For the mosquitoes you can put a bunch of softener sheets in his collar if he doesn't eat them. I don't know how safe softener sheets are for dogs, but I know they repel mosquitoes.


----------



## Shell (Oct 19, 2009)

Heat Index

There's a table and an explanation in the above link, but having a glance at the heat index chart will help to give you an idea of the effects of heat+humidity on humans. You'll have to make some assumptions to how it affects dogs.


----------



## infiniti (Mar 19, 2010)

Thanks, Shell. That was a great idea to post that! 

To the OP ... You might want to give some consideration to yourself as well, seeing as you've moved from a much milder climate yourself. Our summers are NOT for the meek, to say the very least. Some may say I am being dramatic, but again, I have lived here all my life, and although I am used to it, I realize easily that it just ain't like this in many other parts of the U.S. LOTS of people I know who have relocated here from California, the Northeast, the Northwest, the Midwest are all absolutely MISERABLE their first several years here in the summer. 

I'm spoiled to my air conditioning, I will admit. And you won't find many homes, apartments or businesses in this entire state without centralized air conditioning, by the way.  Our cars come standard with it, as well. My dog is also spoiled to air conditioning. When it's hot outside (which it really hasn't been yet this year), she really doesn't want to be outside very long, and neither do I! 

So, I really ask you to reconsider having your dog stay outside all day while you are at work. Perhaps install a doggie door if he really likes being outside, so as to give him the option to go outside occasionally throughout the day, housetrain him if he is not already, fully exercise him and stimulate his mind if you are worried about destructive boredom, consider doggie daycare if you really can't trust him inside all day. But please consider alternatives to leaving him outside in the Houston heat and humidity this summer, and subsequent summers. 

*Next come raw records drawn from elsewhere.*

(* Let $F$ be a field containing a primitive cube root of unity $q$. Let $L=F[x]/(x^3)$, graded by $\mathbb Z_3$ with $\deg x^k=k\bmod 3$, in the category of $\mathbb Z_3$-graded vector spaces with braiding $C(a\otimes b)=r(|b|,|a|)\,b\otimes a$, where $r(k,m)=q^{km}$, and with bracket $[a,b]=ab-r(|b|,|a|)\,ba$ for homogeneous $a,b$. Then $(L,[\ \,])$ is a braided m-Lie algebra and a (left) Jacobi braided Lie algebra, but it is not a strict Jacobi braided Lie algebra (the braided anti-symmetry $[\ \,]=-[\ \,]C_{L,L}$ fails), and there is no coalgebra structure $(\Delta,\varepsilon)$ on $L$ in this category making $(L,\Delta,\varepsilon,[\ \,])$ a (left) braided Lie algebra in the sense of Majid.
   Context: Braided m-Lie algebra: an object $L$ with morphism $[\ \,]:L\otimes L\to L$ such that there are an algebra $(A,m)$ in the category and a monomorphism $\phi:L\to A$ with $\phi[\ \,]=m(\phi\otimes\phi)-m(\phi\otimes\phi)C_{L,L}$. (BJI): with $C=C_{L,L}$, $[\ \,](L\otimes[\ \,]) + [\ \,](L\otimes[\ \,])(L\otimes C^{-1})(C\otimes L) + [\ \,](L\otimes[\ \,])(C^{-1}\otimes L)(L\otimes C) = 0$. A (left) Jacobi braided Lie algebra satisfies (BJI); a (left) strict Jacobi braided Lie algebra satisfies both (BJI) and (BAS): $[\ \,]=-[\ \,]C_{L,L}$. Majid's (left) braided Lie algebra: a coalgebra $(L,\Delta,\varepsilon)$ in the category (degree-preserving, coassociative, counital, with $F$ in degree $0$) with a morphism $[\ \,]$ such that (L1) $[\ \,](L\otimes[\ \,]) = [\ \,]([\ \,]\otimes[\ \,])(L\otimes C\otimes L)(\Delta\otimes L\otimes L)$; (L2) $C([\ \,]\otimes L)(L\otimes C)(\Delta\otimes L) = (L\otimes[\ \,])(\Delta\otimes L)$; (L3) $\Delta[\ \,] = ([\ \,]\otimes[\ \,])(L\otimes C\otimes L)(\Delta\otimes\Delta)$ and $\varepsilon[\ \,]=\varepsilon\otimes\varepsilon$. *)

From HB Require Import structures.
From mathcomp Require Import all_boot all_order all_algebra.

Set Implicit Arguments.
Unset Strict Implicit.
Unset Printing Implicit Defensive.

Import GRing.Theory.
Local Open Scope ring_scope.

(* L = F[x]/(x^3) has basis x^0, x^1, x^2 indexed by 'I_3, with deg x^k = k.
   L^{(x)n} has basis x^{i1} (x) ... (x) x^{in}, indexed by n-tuples of 'I_3
   (L^{(x)0} = F, the unit object, in degree 0).
   A linear map f : L^{(x)n} -> L^{(x)m} is represented by its matrix
   coefficients: f b c = coefficient of the basis tensor c in f(b).
   We use seq-indexed coefficient functions; only the values on tuples of
   the right lengths matter (see [eqm]). *)

Section BraidedLie.
Variable F : fieldType.
Variable q : F.

Definition mor := seq 'I_3 -> seq 'I_3 -> F.

Definition eqm (n m : nat) (f g : mor) : Prop :=
  forall (b : n.-tuple 'I_3) (c : m.-tuple 'I_3), f b c = g b c.

Definition idm : mor := fun b c => (b == c)%:R.

Definition comp (k : nat) (g f : mor) : mor :=
  fun b d => \sum_(c : k.-tuple 'I_3) f b c * g c d.

Definition tensm (n1 m1 : nat) (f g : mor) : mor :=
  fun b c => f (take n1 b) (take m1 c) * g (drop n1 b) (drop m1 c).

Definition degt (s : seq 'I_3) : nat := (\sum_(i <- s) (i : nat))%N %% 3.

Definition homog (n m : nat) (f : mor) : Prop :=
  forall (b : n.-tuple 'I_3) (c : m.-tuple 'I_3), f b c != 0 -> degt b = degt c.

Definition rq (k m : 'I_3) : F := q ^+ (k * m).

Definition braid : mor := fun b c =>
  match b, c with
  | [:: i; j], [:: k; l] => ((k == j) && (l == i))%:R * rq j i
  | _, _ => 0
  end.

Definition braid_inv : mor := fun b c =>
  match b, c with
  | [:: i; j], [:: k; l] => ((k == j) && (l == i))%:R * (rq i j)^-1
  | _, _ => 0
  end.

(* multiplication of F[x]/(x^3): x^i x^j = x^(i+j) if i+j < 3, else 0 *)
Definition mulL : mor := fun b c =>
  match b, c with
  | [:: i; j], [:: k] => ((i + j)%N == k)%:R
  | _, _ => 0
  end.

Definition brL : mor := fun b c => mulL b c - comp 2 mulL braid b c.

Definition graded_algebra (A : algType F) (G : 'I_3 -> A -> Prop) : Prop :=
  [/\ forall k, G k 0 /\ (forall (c : F) (a b : A), G k a -> G k b -> G k (c *: a + b)),
      forall a : A, exists f : 'I_3 -> A, (forall k, G k (f k)) /\ a = \sum_k f k,
      forall f : 'I_3 -> A, (forall k, G k (f k)) -> \sum_k f k = 0 -> forall k, f k = 0,
      G 0%R 1
    & forall (k l : 'I_3) (a b : A), G k a -> G l b -> G (k + l)%R (a * b)].

(* (L, br) is a braided m-Lie algebra: there are an algebra (A, m) in the
   category and a monomorphism phi : L -> A (given by the images phi k of the
   basis vectors x^k) with phi [ ] = m (phi (x) phi) - m (phi (x) phi) C_{L,L};
   the last identity is checked on the basis tensors x^i (x) x^j. *)
Definition braided_mLie (br : mor) : Prop :=
  homog 2 1 br /\
  exists (A : algType F) (G : 'I_3 -> A -> Prop) (phi : 'I_3 -> A),
    [/\ graded_algebra G,
        forall k, G k (phi k),
        injective (fun c : {ffun 'I_3 -> F} => \sum_k c k *: phi k)
      & forall i j : 'I_3,
          \sum_k br [:: i; j] [:: k] *: phi k
          = \sum_(c : 2.-tuple 'I_3) idm [:: i; j] c *: (phi (tnth c 0) * phi (tnth c 1))
          - \sum_(c : 2.-tuple 'I_3) braid [:: i; j] c *: (phi (tnth c 0) * phi (tnth c 1))].

Definition BJI (br : mor) : Prop :=
  let T := comp 2 br (tensm 1 1 idm br) in
  eqm 3 1 (fun b c =>
      T b c
    + comp 3 T (comp 3 (tensm 1 1 idm braid_inv) (tensm 2 2 braid idm)) b c
    + comp 3 T (comp 3 (tensm 2 2 braid_inv idm) (tensm 1 1 idm braid)) b c)
    (fun _ _ => 0).

Definition BAS (br : mor) : Prop :=
  eqm 2 1 br (fun b c => - comp 2 br braid b c).

Definition jacobi_braided_Lie (br : mor) : Prop := homog 2 1 br /\ BJI br.

Definition strict_jacobi_braided_Lie (br : mor) : Prop :=
  homog 2 1 br /\ BJI br /\ BAS br.

Definition majid_braided_Lie (Delta eps br : mor) : Prop :=
  [/\ [/\ homog 1 2 Delta, homog 1 0 eps & homog 2 1 br],
      [/\ eqm 1 3 (comp 2 (tensm 1 2 Delta idm) Delta) (comp 2 (tensm 1 1 idm Delta) Delta),
           eqm 1 1 (comp 2 (tensm 1 0 eps idm) Delta) idm
         & eqm 1 1 (comp 2 (tensm 1 1 idm eps) Delta) idm],
      eqm 3 1 (comp 2 br (tensm 1 1 idm br))
        (comp 2 br (comp 4 (tensm 2 1 br br)
           (comp 4 (tensm 1 1 idm (tensm 2 2 braid idm)) (tensm 1 2 Delta idm)))),
      eqm 2 2 (comp 2 braid (comp 3 (tensm 2 1 br idm)
                 (comp 3 (tensm 1 1 idm braid) (tensm 1 2 Delta idm))))
        (comp 3 (tensm 1 1 idm br) (tensm 1 2 Delta idm))
    &
      eqm 2 2 (comp 1 Delta br)
        (comp 4 (tensm 2 1 br br)
           (comp 4 (tensm 1 1 idm (tensm 2 2 braid idm)) (tensm 1 2 Delta Delta)))
      /\ eqm 2 0 (comp 1 eps br) (tensm 1 0 eps eps)].

End BraidedLie.

From Pilot Require Import Defs.
From HB Require Import structures.
From mathcomp Require Import all_boot all_order all_algebra.
From mathcomp Require Import zify.

Set Implicit Arguments.
Unset Strict Implicit.
Unset Printing Implicit Defensive.
Import GRing.Theory.
Local Open Scope ring_scope.

(* On basis vectors [x^i, x^j] = (1 - q^(ij)) x^(i+j), which vanishes unless
   i = j = 1; so the only nonzero bracket is [x, x] = (1 - q) x^2.  Hence every
   double bracket is 0 and (BJI) holds trivially, while (BAS) at x (x) x reads
   1 - q = -q (1 - q), i.e. q = -1, contradicting q^2 <> 1.  The realisation
   of L sends x^k to N^k, N the nilpotent 3x3 shift matrix, in M_3(F) graded by
   cyclic superdiagonals.  Finally [1, 1] = 0 and eps [ ] = eps (x) eps force
   eps(1) = 0, while eps has degree 0 and so kills x and x^2 too: the counit
   axiom cannot hold. *)

Lemma sum_kronecker (V : nmodType) (I : finType) (i : I) (g : I -> V) :
  \sum_j g j *+ (j == i) = g i.
Proof. by rewrite (bigD1 i) //= eqxx mulr1n big1 ?addr0 // => j /negbTE ->. Qed.

Lemma sum_ord_kronecker (V : nmodType) (g : nat -> V) (m n : nat) :
  (forall k, (m <= k)%N -> g k = 0) -> \sum_(i < m) g i *+ (i == n :> nat) = g n.
Proof.
move=> g_out; have [n_lt_m | m_le_n] := ltnP n m.
  rewrite (bigD1 (Ordinal n_lt_m)) //= eqxx mulr1n big1 ?addr0 // => i.
  by rewrite -val_eqE /= => /negbTE ->.
rewrite g_out // big1 // => i _.
by rewrite (_ : (i == n :> nat) = false) //; apply/eqP; have := ltn_ord i; lia.
Qed.

Section ShiftMatrix.
Variable F : fieldType.

Definition shiftmx : 'M[F]_3 := \matrix_(a, b) ((b : nat) == a.+1)%:R.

ETA: Keep in mind, also, that dogs do not possess sweat glands over their entire bodies like humans do, and they do not sweat to regulate their body temperature, thus they cannot sweat in order to cool themselves. They pant in order to attempt to cool themselves. For this reason, and the fact they are covered in hair, they can't cool off near as quickly as humans, and are more easily prone to suffering heat stress, heat exhaustion and heat stroke.


----------



## Tails (Apr 5, 2010)

I live in South Florida, a few miles north of Miami and it gets very hot and humid here. I have lived here for 4 years and do not have AC in my house. I personally prefer to let my body adjust to the environment that I live in. 
I find it harder to go from cold inside to hot outside than to live with one constant temp. Of course I know that I am not the norm, most people's eyes pop out when I mention I have no AC. My dog has done just fine living without AC also.


----------



## Shell (Oct 19, 2009)

infiniti said:


> To the OP ... You might want to give some consideration to yourself as well, seeing as you've moved from a much milder climate yourself. Our summers are NOT for the meek, to say the very least. Some may say I am being dramatic, but again, I have lived here all my life, and although I am used to it, I realize easily that it just ain't like this in many other parts of the U.S. LOTS of people I know who have relocated here from California, the Northeast, the Northwest, the Midwest are all absolutely MISERABLE their first several years here in the summer.


Having lived in south-central Florida for years, I was always amused at the number of northerners who came to vacation in the spring and fall and promptly bought a home, having enjoyed a beautiful week of 80 degree clear days in March.... only to suffer come the 90 degree days of May and the 95-100 degree days (with matching humidity!) of August. 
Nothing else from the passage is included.